A frase ecoou na minha cabeça com um duplo sentido que eu preferia ignorar.
Sentei na minha mesa, ainda processando tudo. O ambiente era moderno, luxuoso, silencioso demais. Cada detalhe parecia calculado. Nada fora do lugar. E todos, todos mesmo, pareciam se mover como peças perfeitamente treinadas num tabuleiro de xadrez.
Na minha frente, um computador de última geração já estava ligado. Meu e-mail corporativo aberto. Havia uma lista de tarefas para o dia e a maioria delas envolvia Leonardo.
— Reunião com investidores às 11h. Agendar almoço com o diretor financeiro. Responder e-mails urgentes. Levar contrato para assinatura no escritório dele.
Suspirei e comecei a trabalhar. Queria provar que eu merecia estar ali. Que eu era mais do que um rosto bonito ou uma garota inexperiente. Só que a cada vez que a porta do escritório se abria e ele aparecia... meu corpo traía minha mente. Ele não era só bonito. Era provocante. Perigoso. Seu olhar dizia tudo o que sua boca não precisava dizer.
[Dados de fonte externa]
(* If $\dot\Sigma^*/{\dot\sim_{\mathrm{REL}_{\ge 5}}}$ is finite, then $\mathbf{T}^{\{\cap,\cdot,\mathrm{I},\mathrm{D}\}}_{\le 1}/{\sim_{\mathrm{REL}}}$ is finite.
   Context: Fix a non-empty finite set $V$ of variables. Consider CoR terms over the operations $\cap$ (binary), $\cdot$ (binary), constants $\mathrm{I},\mathrm{D}$ and converse $\smile$ (unary), interpreted in a structure $M$ (a non-empty set $|M|$ with a binary relation $a^M\subseteq|M|^2$ for each $a\in V$) by $[\![a]\!]_M=a^M$, $\cap$ as intersection, $[\![\mathrm{I}]\!]_M=\{(x,y):x=y\}$, $[\![\mathrm{D}]\!]_M=\{(x,y):x\ne y\}$, $R\cdot S=\{(x,y):\exists z,(x,z)\in R\wedge(z,y)\in S\}$, $R^{\smile}=\{(x,y):(y,x)\in R\}$. $\mathbf{T}^{\{\cap,\cdot,\mathrm{I},\mathrm{D}\}}$ is the set of such terms not using $\smile$; $\mathrm{vo}(t)$ is the number of occurrences of variables in $t$, and $S_{\le k}=\{t\in S:\mathrm{vo}(t)\le k\}$. For a class $\mathcal{C}$ of structures, $t\sim_{\mathcal{C}}s$ iff $[\![t]\!]_M=[\![s]\!]_M$ for all $M\in\mathcal{C}$; $\mathrm{REL}$ is the class of all structures and $\mathrm{REL}_{\ge 5}$ those with at least $5$ elements. $\dot\Sigma$ is the set of characters $(\_\cap t)$, $(t\cap\_)$, $(\_\cdot t)$, $(t\cdot\_)$ for all variable-free terms $t$ over $\{\cap,\cdot,\mathrm{I},\mathrm{D},\smile\}$, together with the character $\smile$. For $w\in\dot\Sigma^*$ and a term $t$, $w[t]$ is defined by $\varepsilon[t]=t$, $((\_\cap s)w')[t]=w'[t]\cap s$, $((s\cap\_)w')[t]=s\cap w'[t]$, $((\_\cdot s)w')[t]=w'[t]\cdot s$, $((s\cdot\_)w')[t]=s\cdot w'[t]$, $(\smile w')[t]=(w'[t])^{\smile}$. $w\ \dot\sim_{\mathrm{REL}_{\ge5}}\ w'$ iff $w[a]\sim_{\mathrm{REL}_{\ge 5}}w'[a]$ for any variable $a\in V$. *)

From Stdlib Require Import List.
Import ListNotations.

Section Defs.
Variable V : Type.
E por mais que eu quisesse evitar, algo dentro de mim ansiava por ver aquele olhar outra vez.
Às 14h, bati à porta dele para entregar o contrato.
— Pode entrar — ele disse, sem desviar os olhos do notebook.
Entrei. Fechei a porta. E naquele instante, senti o ar pesar. Era como se estivéssemos presos em uma bolha de tensão.
— Aqui está o contrato, senhor. — Coloquei o papel sobre a mesa e me virei para sair.
— Rebeca.
Meu nome em sua voz soava diferente. Mais profundo. Mais íntimo.
— Sim?
Ele se levantou. Contornou a mesa devagar, até ficar a poucos passos de mim.
— Sempre foi tão... obediente assim?
Meu coração disparou. Meu corpo inteiro ficou em alerta. Engoli em seco.
— Eu só quero fazer meu trabalho da melhor forma possível, senhor.
Ele inclinou a cabeça, sorrindo com aquele canto de boca que parecia carregar segredos.
— Veremos até onde vai essa dedicação.
Fiquei paralisada. Sem saber o que responder. O calor subia pelo meu pescoço, minha respiração começava a falhar. Mas ele apenas pegou o contrato da mesa, sem me tocar, e voltou para a cadeira.
— Pode ir.
E eu fui. Mas levei comigo algo que não conseguia explicar. Desejo? Medo? Curiosidade? Talvez tudo isso junto. Talvez o início de um perigo irresistível.